El banquete de Trimalción es el fragmento más conocido de una de las primeras muestras del género. Lo que se nos presenta en él pudiera, acaso, definirse en términos modernos como «cuadro de costumbres de intención satírica». Para que una sátira sea eficaz, su objeto tiene que ser real. ¿Nos es licito, pues, inferir inmediatamente que los materiales del Satiricón proceden de la realidad? Indudablemente, pero, además del Satiricón, hay otras novelas primitivas cuyos materiales, en su relación con la realidad, no pueden determinarse tan fácilmente. Es evidente, por ejemplo, que los personajes y la historia que se nos cuenta en Dafnis y Cloé mantienen con la realidad una relación bastante tenue: esta novelita nos sitúa en un extremo alejado del Satiricón. Y podríamos buscar y hallar otras todavía más distantes de lo real. ¿Nos lleva esto a la conclusión contraria? Aunque a primera vista lo parezca, me atrevo sin embargo a decir que no. Predicamos, por ejemplo, de los materiales de Dafnis y Cloé que están idealizados, pero el proceso de idealización requiere, para ser posible, una base real, una realidad sobre la que operar el proceso. Demos un salto en el tiempo, y tomemos una novela ya citada, Alicia en el País de las Maravillas. Vemos en ella que una liebre de marzo saca el reloj del bolsillo del chaleco y dice que es tarde. Esto, evidentemente, no es real con la realidad del Banquete de Trimalción, ni siquiera con la mínima de Dafnis y Cloé-, pero, si descomponemos la imagen en sus elementos constituyentes, advertimos en seguida que todos ellos proceden de lo real, pero que han sido desplazados de sus contextos habituales e insertados en otros. Paso a paso llegaríamos a una nueva conclusión, formidable de esta manera: nada hay en la novela que no haya pertenecido antes a la realidad, si bien es necesario que este concepto, realidad, sea entendido en su más amplio sentido.
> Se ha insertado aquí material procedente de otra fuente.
(* Row [i] of [region n l d] consists of the last [l - d_i] cells of the [m x n] strip:
   the region left to tile when the frontier is at column [n - l] and row [i] is already
   covered [d_i] cells beyond it. *)
Definition region n l d : {set 'I_m * 'I_n} :=
  [set c : 'I_m * 'I_n | n - (l - nth 0 d c.1) <= c.2].

(* Covers the first cell of [region n l d] by a horizontal or a vertical tile and
   recurses; [fuel] only bounds the recursion depth. *)
Fixpoint strip_count_fuel (fuel l : nat) (d : seq nat) : nat :=
  if l == 0 then 1 else
  if fuel is f.+1 then
    (if k <= l then strip_count_fuel f (l - seqmin (place_h d)) (lower (place_h d)) else 0)
  + (if fits_v d then strip_count_fuel f (l - seqmin (place_v d)) (lower (place_v d)) else 0)
  else 0.

Lemma profile_lower d : size d = m -> 0 < m -> profile (lower d).
Proof.
move=> sd m_gt0; rewrite /profile size_map sd eqxx /=.
by apply/mapP; exists (seqmin d); rewrite ?subnn ?seqmin_mem ?sd.
Qed.

Lemma profile_index d : profile d -> index 0 d < m /\ nth 0 d (index 0 d) = 0.
Proof. by case/andP => /eqP <- d0; split; rewrite ?index_mem ?nth_index. Qed.

Lemma size_place_h d : profile d -> size (place_h d) = m.
Proof.
move=> pd; have [i0m _] := profile_index pd; case/andP: pd => /eqP sd _.
by rewrite size_set_nth sd; lia.
Qed.

Lemma nth_place_h d i : nth 0 (place_h d) i = if i == index 0 d then k else nth 0 d i.
Proof. exact: nth_set_nth. Qed.

Lemma size_place_v d : size (place_v d) = m.
Proof. exact: size_mkseq. Qed.

Lemma nth_place_v d i : i < m ->
  nth 0 (place_v d) i = if index 0 d <= i < index 0 d + k then 1 else nth 0 d i.
Proof. exact: nth_mkseq. Qed.

Lemma fits_vP d : reflect (index 0 d + k <= m /\
  forall i, index 0 d <= i < index 0 d + k -> nth 0 d i = 0) (fits_v d).
Proof.
apply: (iffP andP) => -[i0k zeros]; split=> //.
  by move=> i; rewrite -mem_iota => /(allP zeros)/eqP.
by apply/allP => i; rewrite mem_iota => /zeros ->.
Qed.

Lemma moves_offset_le d p : p \in moves d -> p.2 <= k.
Proof.
rewrite inE => /orP[/eqP-> /= | ].
  have := @seqmin_le (place_h d) (index 0 d).
  by rewrite nth_place_h eqxx size_set_nth; apply; lia.
case: ifP => // /fits_vP[i0k _]; rewrite inE => /eqP-> /=.
have := @seqmin_le (place_v d) (index 0 d); rewrite size_place_v nth_place_v; last by lia.
have i0_lt : index 0 d < index 0 d + k by lia.
rewrite leqnn i0_lt /= => min_le1.
by apply: leq_trans (min_le1 _) (ltnW k_gt1); lia.
Qed.

Lemma region0 n d : region n 0 d = set0.
Proof. by apply/setP => c; rewrite !inE sub0n subn0 leqNgt ltn_ord. Qed.

Lemma region_gt0 n l d : profile d -> 0 < l <= n -> 0 < #|region n l d|.
Proof.
move=> pd /andP[l_gt0 ln]; have [i0m i0_zero] := profile_index pd.
have nl : n - l < n by lia.
by apply/card_gt0P; exists (Ordinal i0m, Ordinal nl); rewrite inE /= i0_zero; lia.
Qed.

Lemma region_place_h n l d : profile d -> k <= l <= n ->
  region n (l - seqmin (place_h d)) (lower (place_h d)) =
  region n l d :\: rect m n (index 0 d) (n - l) 1 k.
Proof.
move=> pd /andP[kl ln]; have [i0m i0_zero] := profile_index pd.
have size_h := size_place_h pd.
apply/setP => -[i j]; rewrite !inE /= (nth_map 0) ?size_h // nth_place_h.
have := @seqmin_le (place_h d) (index 0 d); rewrite size_h nth_place_h eqxx => /(_ i0m).
have := @seqmin_le (place_h d) i; rewrite size_h nth_place_h => /(_ (ltn_ord i)).
have := ltn_ord i; have := ltn_ord j.
by case: eqP => [ei | ne] /=; rewrite ?ei ?i0_zero; lia.
Qed.

Lemma region_place_v n l d : profile d -> fits_v d -> 0 < l <= n ->
  region n (l - seqmin (place_v d)) (lower (place_v d)) =
  region n l d :\: rect m n (index 0 d) (n - l) k 1.
Proof.
move=> pd /fits_vP[i0k zeros] /andP[l_gt0 ln]; have [i0m i0_zero] := profile_index pd.
apply/setP => -[i j]; rewrite !inE /= (nth_map 0) ?size_place_v // nth_place_v //.
have := @seqmin_le (place_v d) (index 0 d); rewrite size_place_v nth_place_v //.
rewrite leqnn (_ : index 0 d < index 0 d + k) /=; last by lia.
move=> /(_ i0m); have := @seqmin_le (place_v d) i.
rewrite size_place_v nth_place_v // => /(_ (ltn_ord i)).
have := ltn_ord i; have := ltn_ord j.
by case: ifP => [/zeros-> | _]; lia.
Qed.

Lemma ntilings_region_step n l d : profile d -> 0 < l <= n ->
  ntilings_of 1 k (region n l d) =
    (if k <= l
     then ntilings_of 1 k (region n (l - seqmin (place_h d)) (lower (place_h d))) else 0)
  + (if fits_v d
     then ntilings_of 1 k (region n (l - seqmin (place_v d)) (lower (place_v d))) else 0).
Proof.
move=> pd /andP[l_gt0 ln]; have [i0m i0_zero] := profile_index pd.
have nl : n - l < n by lia.
pose c : 'I_m * 'I_n := (Ordinal i0m, Ordinal nl).
have cR : c \in region n l d by rewrite inE /= i0_zero; lia.
have c_first : {in region n l d, forall c', colex_le c c'}.
  case=> i j; rewrite inE /colex_le /= => ij; have := ltn_ord i; have := ltn_ord j.
  case: (ltnP i (index 0 d)) => [/(before_find 0)/= /eqP nz | _]; lia.
rewrite (ntilings_of_first_cell _ _ _ cR c_first) ?(ltn_trans _ k_gt1) ?ltn_eqF //.
rewrite /ntilings_with /= (_ : index 0 d + 1 <= m) //; last by lia.
congr (_ + _).
  have [kl | lk] := leqP k l; last by rewrite (_ : n - l + k <= n = false) //; lia.
  rewrite (_ : n - l + k <= n) /=; last by lia.
  rewrite -region_place_h ?kl ?ln // ifT //.
  apply/subsetP => -[i j]; rewrite !inE /= => /andP[/andP[? ?] /andP[? ?]].
  by rewrite (_ : nat_of_ord i = index 0 d) ?i0_zero; lia.
have [fits | not_fits] := boolP (fits_v d).
  rewrite -region_place_v ?l_gt0 // ifT //.
  case/fits_vP: fits => i0k zeros; rewrite i0k (_ : n - l + 1 <= n) /=; last by lia.
  apply/subsetP => -[i j]; rewrite !inE /= => /andP[/andP[? ?] /andP[? ?]].
  by rewrite zeros; lia.
rewrite ifF //; apply/negP => /and3P[i0k _ /subsetP sub]; case/fits_vP: not_fits.
split=> // i /andP[i0i ik]; have im : i < m by lia.
have := sub (Ordinal im, Ordinal nl); rewrite !inE /= i0i ik leqnn addn1 ltnSn.
by move=> /(_ isT); lia.
Qed.

Lemma card_region_setD_corner n l d w h : profile d -> 0 < l <= n -> 0 < w -> 0 < h ->
  #|region n l d :\: rect m n (index 0 d) (n - l) w h| < #|region n l d|.
Proof.
move=> pd /andP[l_gt0 ln] w_gt0 h_gt0; have [i0m i0_zero] := profile_index pd.
have nl : n - l < n by lia.
apply/proper_card/properP; split; first exact: subsetDl.
by exists (Ordinal i0m, Ordinal nl); rewrite !inE /= ?i0_zero; lia.
Qed.

Lemma strip_count_fuel_region f n l d : profile d -> l <= n -> #|region n l d| <= f ->
  strip_count_fuel f l d = ntilings_of 1 k (region n l d).
Proof.
elim: f l d => [|f IH] l d pd ln fuel; have [-> | l_gt0] := posnP l;
  rewrite ?region0 ?ntilings_of0 //; have l_range : 0 < l <= n by rewrite l_gt0.
  by have := region_gt0 pd l_range; lia.
have [i0m _] := profile_index pd.
rewrite ntilings_region_step //= gtn_eqF //; congr (_ + _).
  case: ifP => // kl; have := card_region_setD_corner pd l_range (ltn0Sn 0) (ltnW k_gt1).
  rewrite -region_place_h ?kl // => lt; apply: IH; last by lia.
    by rewrite profile_lower ?size_place_h //; lia.
  by lia.
case: ifP => // fits; have := card_region_setD_corner pd l_range (ltnW k_gt1) (ltn0Sn 0).
rewrite -region_place_v // => lt; apply: IH; last by lia.
  by rewrite profile_lower ?size_place_v //; lia.
by lia.
Qed.

Lemma card_region n l d : #|region n l d| <= m * n.
Proof. by apply: leq_trans (max_card _) _; rewrite card_prod !card_ord. Qed.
En los tres ejemplos propuestos, pues, la realidad, aunque está en ellos, no está en todos lo mismo. Y esto nos lleva a preguntarnos si hay un modo típico de estar lo real en la novela, o si en cada novela está de manera distinta. Examinados de nuevo los tres ejemplos, lo primero que descubrimos es que están formados de palabras como toda literatura. El rico Trimalción, la encantadora Cloé, la simpática liebre de marzo, están en sus novelas respectivas de una manera sui generis, están representados, no presentes; están, digámoslo sin más preámbulos, sus imágenes, no ellos. Pero la polisemia de la palabra imagen nos obliga a precisar aún más, porque también son imágenes las de un cuadro. El pintor traslada al cuadro la imagen del modelo, y a lo que resulta le llamamos imagen con toda propiedad. ¿Por qué se lo llamamos también al resultado de una construcción verbal? Alguna similitud habrá que lo autorice, pero esta similitud no procede de la homogeneidad de las palabras, de una parte, y de las formas y colores, de otra, Son materiales distintos, operan en diferentes ámbitos. Por abstracto que sea el contenido de un cuadro, siempre remite a algo de lo real visible, siempre puede ser llamado imagen; pero si digo «el logaritmo de Pi», este sintagma no engendra ninguna representación imaginaria. Sin embargo, si traigo aquí, y la leo, la descripción del dómine Cabra, todo el que entienda las palabras puede reconstruir mentalmente k figura del sujeto así descrito. Hay, pues, palabras con capacidad de representación. Y el modo de estar lo real en la novela es, ante todo, éste, aunque no sea único, y aunque, como llegaremos a ver, también lo no real tenga cabida en la narración, Continuaremos pues.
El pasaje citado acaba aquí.